Because the right to life is the ground of all other rights, efforts to seek or pursue the 'common good' while denying or undermining the right to life are fundamentally fraudulent:

It is impossible to further the common good without acknowledging and defending the right to life, upon which all the other inalienable rights of individuals are founded and from which they develop. A society lacks solid foundations when, on the one hand, it asserts values such as the dignity of the person, justice and peace, but then, on the other hand, radically acts to the contrary by allowing or tolerating a variety of ways in which human life is devalued and violated, especially where it is weak or marginalized. Only respect for life can be the foundation and guarantee of the most precious and essential goods of society, such as democracy and peace. (EV 101)

Again, from John Paul II's Apostolic Exhortation Christifideles Laici (The Lay Faithful):

The inviolability of the person which is a reflection of the absolute inviolability of God, finds its primary and fundamental expression in the inviolability of human life. Above all, the common outcry, which is justly made on behalf of human rights — for example, the right to health, to home, to work, to family, to culture — is false and illusory if the right to life, the most basic and fundamental right and the condition for all other personal rights, is not defended with maximum determination. (CL 38)

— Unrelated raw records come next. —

(* Let $q$ be a prime power and let $r$ be a prime dividing $q-1$. Then for any positive integer $d$ and any integer $1\le k\le r^d-1$, there exists a polynomial $f\in\mathbb{F}_q[x]$ of degree $k$ that divides $x^{r^d}-1$ and satisfies $f(1)\neq 0$. *)

From mathcomp Require Import all_boot all_order all_algebra all_field.

(* Since r divides q - 1, F contains a primitive r-th root of unity z. Substituting X^m
   into X^r - 1 = prod_(i < r) (X - z^i) splits X^(rm) - 1 into X^m - 1 and the factors
   X^m - z^i for 0 < i < r, and for j < r the product of the first j of these has degree
   jm and does not vanish at 1. So if f divides X^m - 1, has degree k' and f(1) != 0,
   then f times that product divides X^(rm) - 1, has degree jm + k' and does not vanish
   at 1. Taking m = r^e, this builds the required divisor digit by digit from the
   base-r expansion of k. *)
From mathcomp Require Import all_boot all_order all_algebra all_field.
From mathcomp Require Import cyclic.

Import GRing.Theory.
Local Open Scope ring_scope.

Section FinFieldPrimRoot.

Variable F : finFieldType.

Lemma finField_prim_root : exists z : F, #|F|.-1.-primitive_root z.
Proof.
have q_gt1 : (1 < #|F|)%N by rewrite (cardD1 0) (cardD1 1) !inE oner_neq0.
set units := enum (predC1 (0 : F)).
have /hasP[z _ z_prim] : has #|F|.-1.-primitive_root units.
  apply: has_prim_root; first by rewrite -ltnS prednK ?(ltnW q_gt1).
  - apply/allP => x; rewrite mem_enum => /= x_neq0.
    apply/unity_rootP; apply: (mulfI x_neq0).
    by rewrite mulr1 -exprS prednK ?expf_card // (ltnW q_gt1).
  - exact: enum_uniq.
  - by rewrite -cardE cardC1.
by exists z.
Qed.

Lemma finField_prim_root_dvdn n :
  (n %| #|F|.-1)%N -> exists z : F, n.-primitive_root z.
Proof.
move=> n_dvd; have [z z_prim] := finField_prim_root.
by exists (z ^+ (#|F|.-1 %/ n)); apply: dvdn_prim_root.
Qed.

End FinFieldPrimRoot.

Section PrimRootFactors.

Context {F : fieldType} {r : nat} {z : F}.
Hypothesis z_prim : r.-primitive_root z.

Lemma factor_Xn_sub_1_comp m :
  'X^(r * m) - 1 = \prod_(i < r) ('X^m - (z ^+ i)%:P) :> {poly F}.
Proof.
have := congr1 (comp_poly 'X^m) (factor_Xn_sub_1 z_prim).
rewrite comp_polyB comp_Xn_poly comp_polyC -exprM mulnC => <-.
rewrite big_mkord.
rewrite (big_morph (comp_poly _) (fun p q => comp_polyM p q _) (comp_polyC 1 _)).
by apply: eq_bigr => i _; rewrite comp_polyB comp_polyX comp_polyC.
Qed.

Definition Xn_sub_roots m j : {poly F} := \prod_(i < j) ('X^m - (z ^+ i.+1)%:P).

Lemma monic_Xn_sub_roots m j : (0 < m)%N -> Xn_sub_roots m j \is monic.
Proof. by move=> m_gt0; apply: monic_prod => i _; apply: monicXnsubC. Qed.

Lemma size_Xn_sub_roots m j : (0 < m)%N -> size (Xn_sub_roots m j) = (j * m).+1.
Proof.
move=> m_gt0; elim: j => [|j IHj].
  by rewrite /Xn_sub_roots big_ord0 size_poly1.
rewrite /Xn_sub_roots big_ord_recr /= -/(Xn_sub_roots m j).
rewrite size_Mmonic ?monicXnsubC ?size_XnsubC // -?size_poly_eq0 IHj //.
by rewrite mulSn addnC addnS.
Qed.

Lemma dvdp_Xn_sub_roots m j :
  (j < r)%N -> ('X^m - 1) * Xn_sub_roots m j %| 'X^(r * m) - 1.
Proof.
move=> j_lt_r; have r_gt0 := prim_order_gt0 z_prim.
have j_le : (j <= r.-1)%N by rewrite -ltnS prednK.
rewrite factor_Xn_sub_1_comp -(prednK r_gt0) big_ord_recl expr0.
apply: dvdp_mul (dvdpp _) _.
rewrite [X in _ %| X](bigID (fun i : 'I_r.-1 => (i < j)%N)) /= dvdp_mulr //.
rewrite /Xn_sub_roots (big_ord_widen _ (fun i => 'X^m - (z ^+ i.+1)%:P) j_le).
by under [X in _ %| X]eq_bigr do rewrite /bump add1n.
Qed.

Lemma Xn_sub_roots1_neq0 m j : (j < r)%N -> (Xn_sub_roots m j).[1] != 0.
Proof.
move=> j_lt_r; rewrite horner_prod; apply/prodf_neq0 => i _.
rewrite hornerD hornerN hornerXn hornerC expr1n subr_eq0 eq_sym -(expr0 z).
rewrite (eq_prim_root_expr z_prim) mod0n modn_small //.
exact: leq_ltn_trans (ltn_ord i) j_lt_r.
Qed.

Lemma exists_dvdp_Xn_sub1_size e k : (k < r ^ e)%N ->
  exists f : {poly F}, size f = k.+1 /\ f %| 'X^(r ^ e) - 1 /\ f.[1] != 0.
Proof.
elim: e k => [|e IHe] k.
  rewrite expn0 ltnS leqn0 => /eqP->; exists 1.
  by rewrite size_poly1 dvd1p hornerC oner_neq0.
set m := (r ^ e)%N.
have m_gt0 : (0 < m)%N by rewrite expn_gt0 (prim_order_gt0 z_prim).
rewrite expnS -/m => k_lt.
have [h [size_h [h_dvd h1_neq0]]] := IHe (k %% m)%N (ltn_pmod _ m_gt0).
have j_lt_r : (k %/ m < r)%N by rewrite ltn_divLR.
exists (h * Xn_sub_roots m (k %/ m)); split; [|split].
- rewrite size_Mmonic ?monic_Xn_sub_roots -?size_poly_eq0 ?size_h //.
  by rewrite size_Xn_sub_roots // {3}(divn_eq k m) addSn addnC.
- apply: dvdp_trans (dvdp_mul h_dvd (dvdpp _)) _.
  exact: dvdp_Xn_sub_roots.
- by rewrite hornerM mulf_neq0 // Xn_sub_roots1_neq0.
Qed.

End PrimRootFactors.

Theorem lemma5p4 (F : finFieldType) (r d k : nat) :
  prime r -> (r %| #|F| - 1)%N -> (0 < d)%N ->
  (1 <= k <= r ^ d - 1)%N ->
  exists f : {poly F},
    size f = k.+1 /\ f %| 'X^(r ^ d) - 1 /\ f.[1] != 0.
Proof.
move=> r_prime; rewrite subn1 => r_dvd _ /andP[_ k_le].
have [z z_prim] : exists z : F, r.-primitive_root z by apply: finField_prim_root_dvdn.
have k_lt : (k < r ^ d)%N.
  by rewrite (leq_ltn_trans k_le) // subn1 prednK ?expn_gt0 ?prime_gt0.
exact: exists_dvdp_Xn_sub1_size z_prim d k k_lt.
Qed.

The US bishops pastoral statement Faithful Citizenship concurs:

There are some things we must never do, as individuals or as a society … A prime example is the intentional taking of innocent human life, as in abortion and euthanasia. In our nation, 'abortion and euthanasia have become preeminent threats to human dignity because they directly attack life itself, the most fundamental human good and the condition for all others' (Living the Gospel of Life, no. 5). It is a mistake with grave consequences to treat the destruction of innocent human life merely as a matter of individual choice. A legal system that violates the basic right to life on the grounds of choice is fundamentally flawed. (FC 22)

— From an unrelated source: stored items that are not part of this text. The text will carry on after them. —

Lemma hensel_lift t : root (red_poly P) t -> (red_poly P)^`().[t] != 0 ->
  exists2 y, y \in A & rd y = t /\ root P y.
Proof.
move=> t_root t_simple.
have [u u_int red_u] := red_surj D ((red_poly P)^`().[t])^-1.
have [y0 y0_int red_y0] := red_surj D t.
exact: newton_root t_root u_int y0_int red_u red_y0 t_simple.
Qed.

End IntegralPoly.

Lemma val_mul_unif x k : x != 0 -> v (x * pi ^+ k) = v x + k%:Z.
Proof. by move=> x_neq0; rewrite (v_mul D x_neq0) ?expf_neq0 ?unif_neq0 // val_unifX. Qed.

Lemma val_div_unif x k : x != 0 -> v (x / pi ^+ k) = v x - k%:Z.
Proof.
have pik_neq0 : pi ^+ k != 0 by rewrite expf_neq0 ?unif_neq0.
by move=> x_neq0; rewrite (v_mul D x_neq0) ?invr_neq0 // val_inv // val_unifX.
Qed.

Definition binomial_root_count (n : nat) (a : K) : nat :=
  if (n%:Z %| v a)%Z && [exists y : kappa, y ^+ n == - delta D a]
  then gcdn n (#|kappa| - 1) else 0%N.

Section NonzeroRoots.
Variables (n : nat) (f : {poly K}).
Hypotheses (n_neq0 : n%:R != 0 :> kappa) (f_monic : f \is monic) (f_size : size f = n.+1).
Hypotheses (f_int : forall i, f`_i \in A) (f0_neq0 : f`_0 != 0).
Hypothesis f_slope : forall i, (0 < i < n)%N -> f`_i != 0 ->
  n%:Z * v f`_0 < n%:Z * v f`_i + i%:Z * v f`_0.

Let n_gt0 : (0 < n)%N := natr_neq0_gt0 n_neq0.

Lemma f_lead : f`_n = 1.
Proof. by move/monicP: f_monic; rewrite lead_coefE f_size. Qed.

Lemma f_slope_le i : (i <= n)%N -> f`_i != 0 ->
  n%:Z * v f`_0 <= n%:Z * v f`_i + i%:Z * v f`_0.
Proof.
rewrite leq_eqVlt => /orP[/eqP->|i_lt_n fi_neq0]; first by rewrite f_lead val_one mulr0 add0r.
have [->|i_gt0] := posnP i; first by rewrite mul0r addr0.
by apply/ltW/f_slope; rewrite ?i_gt0.
Qed.

Lemma val_nonzero_root x : x != 0 -> root f x -> n%:Z * v x = v f`_0.
Proof.
move=> x_neq0 /rootP; rewrite horner_coef f_size => fx0.
have val_term i : f`_i != 0 -> v (f`_i * x ^+ i) = v f`_i + i%:Z * v x.
  by move=> fi_neq0; rewrite (v_mul D fi_neq0) ?expf_neq0 // val_exp.
have [top|bottom|//] := ltrgtP (n%:Z * v x) (v f`_0);
  [suff: \sum_(i < n.+1) f`_i * x ^+ i != 0 by rewrite fx0 eqxx..].
- apply: (sum_dominant_neq0 (i0 := ord_max)) => [|i i_neq_n]; first by rewrite f_lead mul1r expf_neq0.
  rewrite f_lead mul1r val_exp //.
  have [->|fi_neq0] := eqVneq f`_i 0; first by rewrite mul0r; left.
  have i_lt_n : (i < n)%N.
    by rewrite ltn_neqAle -ltnS ltn_ord andbT; apply: contra i_neq_n => /eqP i_n; apply/eqP/val_inj.
  by right; rewrite val_term //; apply: dominant_top top (f_slope_le (ltnW i_lt_n) fi_neq0).
- apply: (sum_dominant_neq0 (i0 := ord0)) => [|i i_neq0]; first by rewrite expr0 mulr1.
  rewrite expr0 mulr1; have [->|fi_neq0] := eqVneq f`_i 0; first by rewrite mul0r; left.
  have i_gt0 : (0 < i)%N by rewrite lt0n; apply: contra i_neq0 => /eqP i_0; apply/eqP/val_inj.
  by right; rewrite val_term //; apply: dominant_bottom bottom (f_slope_le (leq_ord i) fi_neq0).
Qed.

Lemma nonzero_roots_nondvd : ~~ (n%:Z %| v f`_0)%Z -> has_nonzero_roots f 0.
Proof.
move=> l_ndvd; exists [::]; split=> // x; rewrite in_nil; apply/esym/negbTE.
apply: contra l_ndvd => /andP[x_neq0 fx].
by rewrite -(val_nonzero_root x_neq0 fx); apply/dvdzP; exists (v x); rewrite mulrC.
Qed.

Section Rescaling.
Variable m : nat.
Hypothesis val_f0 : v f`_0 = (n * m)%N.

Definition rescaled : {poly K} := \poly_(i < n.+1) (f`_i * pi ^+ (m * i) / pi ^+ (m * n)).

Lemma coef_rescaled i : rescaled`_i = f`_i * pi ^+ (m * i) / pi ^+ (m * n).
Proof.
by rewrite coef_poly; case: ltnP => // i_big; rewrite nth_default ?f_size // !mul0r.
Qed.

Lemma horner_rescaled y : f.[pi ^+ m * y] = pi ^+ (m * n) * rescaled.[y].
Proof.
rewrite horner_poly horner_coef f_size mulr_sumr; apply: eq_bigr => i _.
by rewrite exprMn -exprM [RHS]mulrCA [RHS]mulrA divfK ?expf_neq0 ?unif_neq0 // mulrA.
Qed.

Lemma rescaled_lead : rescaled`_n = 1.
Proof. by rewrite coef_rescaled f_lead mul1r divff // expf_neq0 ?unif_neq0. Qed.

Lemma rescaled_coef0 : rescaled`_0 = f`_0 / pi ^ v f`_0.
Proof. by rewrite coef_rescaled muln0 expr0 mulr1 val_f0 mulnC. Qed.

Lemma rescaled_mid i : (0 < i < n)%N -> vge v rescaled`_i 1.
Proof.
move=> i_mid; rewrite coef_rescaled.
have [->|fi_neq0] := eqVneq f`_i 0; first by rewrite !mul0r; left.
right; rewrite val_div_unif ?val_mul_unif ?mulf_neq0 ?expf_neq0 ?unif_neq0 //.
by have := f_slope i_mid fi_neq0; rewrite val_f0; nia.
Qed.

Lemma rescaled_int i : rescaled`_i \in A.
Proof.
have [->|i_gt0] := posnP i.
  by rewrite rescaled_coef0; apply/inAP; right; rewrite val_delta_quot.
have [i_lt_n|i_gt_n|->] := ltngtP i n.
- by apply/inAP; apply: (vge_le _ (rescaled_mid _)); rewrite ?i_gt0.
- by rewrite coef_rescaled nth_default ?f_size // !mul0r rpred0.
- by rewrite rescaled_lead rpred1.
Qed.

Lemma red_poly_rescaled : red_poly rescaled = 'X^n + (delta D f`_0)%:P.
Proof.
apply/polyP => i; rewrite coef_red_poly coefD coefXn coefC.
have [->|i_gt0] := posnP i; first by rewrite rescaled_coef0 (ltn_eqF n_gt0) add0r.
rewrite addr0; have [i_lt_n|i_gt_n|->] := ltngtP i n; last by rewrite rescaled_lead red1.
- by apply/(@red_ker _ _ D _ (rescaled_int i)); apply: rescaled_mid; rewrite i_gt0.
- by rewrite coef_rescaled nth_default ?f_size // !mul0r red0.
Qed.

Lemma root_rescaled y : root f (pi ^+ m * y) = root rescaled y.
Proof. by rewrite /root horner_rescaled mulf_eq0 expf_eq0 (negbTE (unif_neq0 D)) andbF. Qed.

Lemma root_red_poly_rescaled t :
  root (red_poly rescaled) t = (t ^+ n == - delta D f`_0).
Proof. by rewrite /root red_poly_rescaled hornerD hornerXn hornerC addr_eq0. Qed.

Lemma red_poly_rescaled_simple t : t != 0 -> (red_poly rescaled)^`().[t] != 0.
Proof.
move=> t_neq0; rewrite red_poly_rescaled derivD derivC addr0 derivXn.
by rewrite hornerMn hornerXn -mulr_natr mulf_neq0 ?expf_neq0.
Qed.

Lemma rescale_nonzero_root x : x != 0 -> root f x ->
  [/\ x / pi ^+ m \in A, root rescaled (x / pi ^+ m)
    & rd (x / pi ^+ m) ^+ n == - delta D f`_0].
Proof.
move=> x_neq0 fx; have val_x : v x = m.
  have nZ_neq0 : n%:Z != 0 by rewrite eqz_nat -lt0n n_gt0.
  by apply: (mulfI nZ_neq0); rewrite val_nonzero_root // val_f0 PoszM.
have y_int : x / pi ^+ m \in A by apply/inAP; right; rewrite val_div_unif // val_x subrr.
have y_root : root rescaled (x / pi ^+ m).
  by rewrite -root_rescaled mulrC divfK ?expf_neq0 ?unif_neq0.
split=> //; rewrite -root_red_poly_rescaled /root -(red_horner rescaled_int y_int).
by rewrite (eqP y_root) red0.
Qed.

Lemma nonzero_roots_dvd :
  has_nonzero_roots f #|[pred z : kappa | z ^+ n == - delta D f`_0]|.
Proof.
have c_neq0 : pi ^+ m != 0 by rewrite expf_neq0 ?unif_neq0.
have root_neq0 t : t ^+ n == - delta D f`_0 -> t != 0.
  apply: contraTneq => ->; rewrite expr0n (gtn_eqF n_gt0) eq_sym oppr_eq0.
  exact: delta_neq0.
apply: (has_nonzero_roots_bij (phi := fun x => rd (x / pi ^+ m))).
- move=> x1 x2 /andP[x1_neq0 fx1] /andP[x2_neq0 fx2] /= e.
  have [y1_int y1_root /root_neq0 y1_red] := rescale_nonzero_root x1_neq0 fx1.
  have [y2_int y2_root _] := rescale_nonzero_root x2_neq0 fx2.
  apply: (divIf c_neq0); apply: (hensel_unique rescaled_int) => //.
  exact: red_poly_rescaled_simple.
- by move=> x /andP[x_neq0 fx]; rewrite inE; have [] := rescale_nonzero_root x_neq0 fx.
move=> z; rewrite inE => zn.
have z_root : root (red_poly rescaled) z by rewrite root_red_poly_rescaled.
have z_simple := red_poly_rescaled_simple (root_neq0 z zn).
have [y y_int [red_y y_root]] := hensel_lift rescaled_int z_root z_simple.
exists (pi ^+ m * y); last by rewrite [_ * y]mulrC mulfK.
rewrite root_rescaled y_root andbT mulf_neq0 //.
by apply: contra_neq (root_neq0 z zn) => y0; rewrite -red_y y0 red0.
Qed.

End Rescaling.

Lemma nonzero_roots_count : has_nonzero_roots f (binomial_root_count n f`_0).
Proof.
rewrite /binomial_root_count; have [/dvdzP[q l_eq]|l_ndvd] /= := boolP (n%:Z %| v f`_0)%Z.
  have l_ge0 : 0 <= v f`_0.
    by case/inAP: (f_int 0) => [f00|//]; move: f0_neq0; rewrite f00 eqxx.
  have val_f0 : v f`_0 = (n * `|q|)%N by move: l_ge0; rewrite l_eq; nia.
  rewrite -card_nth_roots ?oppr_eq0 ?delta_neq0 //; exact: nonzero_roots_dvd val_f0.
exact: nonzero_roots_nondvd.
Qed.

End NonzeroRoots.

Lemma binomial_nonzero_roots n a : n%:R != 0 :> kappa -> a != 0 -> a \in A ->
  has_nonzero_roots ('X^n + a%:P) (binomial_root_count n a).
Proof.
move=> n_neq0 a_neq0 a_int; have n_gt0 := natr_neq0_gt0 n_neq0.
have coef0 : ('X^n + a%:P)`_0 = a by rewrite coefD coefXn coefC (ltn_eqF n_gt0) add0r.
rewrite -[in binomial_root_count _ a]coef0; apply: nonzero_roots_count => //.
- exact: monicXnaddC.
- exact: size_XnaddC.
- by apply/polyOverP; rewrite polyOverXnaddC.
- by rewrite coef0.
- move=> i /andP[i_gt0 i_lt_n].
  by rewrite coefD coefXn coefC (ltn_eqF i_lt_n) (gtn_eqF i_gt0) addr0 eqxx.
Qed.

End Valuation.

Theorem theorem4p5 (K : fieldType) (kappa : finFieldType) (D : cdvf K kappa)
    (p : nat) (n : nat) (f : {poly K}) :
  p \in [pchar kappa] ->
  (1 <= n)%N -> ~~ (p %| n)%N ->
  f \is monic -> size f = n.+1 ->
  (forall i, inA (val_v D) f`_i) ->
  f`_0 != 0 ->
  (forall i : nat, (1 <= i <= n.-1)%N -> f`_(n - i) != 0 ->
     (i%:Z * val_v D f`_0 < n%:Z * val_v D f`_(n - i))%R) ->
  let l := val_v D f`_0 in
  let g := 'X^n + (f`_0)%:P in
  [/\ forall N : nat, has_nonzero_roots f N <-> has_nonzero_roots g N,
      ~~ (n%:Z %| l)%Z -> has_nonzero_roots f 0
    & (n%:Z %| l)%Z ->
      has_nonzero_roots f
        (if [exists y : kappa, y ^+ n == - delta D f`_0]
         then gcdn n (#|kappa| - 1) else 0%N)].
Proof.
move=> p_char _ p_ndvd_n f_monic f_size f_int f0_neq0 f_slope l g.
have n_neq0 : n%:R != 0 :> kappa by rewrite -(dvdn_pcharf p_char).
have slope i : (0 < i < n)%N -> f`_i != 0 -> n%:Z * l < n%:Z * val_v D f`_i + i%:Z * l.
  move=> /andP[i_gt0 i_lt_n] fi_neq0.
  have := f_slope (n - i)%N; rewrite subKn ?(ltnW i_lt_n) // => /(_ _ fi_neq0).
  by rewrite /l; lia.
have Rf := nonzero_roots_count n_neq0 f_monic f_size f_int f0_neq0 slope.
have Rg := binomial_nonzero_roots n_neq0 f0_neq0 (f_int 0).
split.
- by move=> N; split=> [/(has_nonzero_roots_unique Rf)<-|/(has_nonzero_roots_unique Rg)<-].
- by move=> l_ndvd; move: Rf; rewrite /binomial_root_count (negbTE l_ndvd).
- by move=> l_dvd; move: Rf; rewrite /binomial_root_count l_dvd.
Qed.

Faithful Citizenship concludes: 'The direct and intentional destruction of human life from the moment of conception until natural death is always wrong and is not just one issue among many. It must always be opposed' (FC 28).

It is not enough, then, to hold that abortion and euthanasia are intrinsic evils. Catholics must also regard laws legitimizing them as intrinsic evils antithetical to the foundational principles of civil society and law. A culture in which intrinsically evil acts attacking life itself are claimed as basic human freedoms — a legal system in which such acts are protected (and even funded) as basic human rights — is corrupted and poisoned at the very root. It is a society 'without foundations,' a house built on sand. Such a society can only represent a culture of death.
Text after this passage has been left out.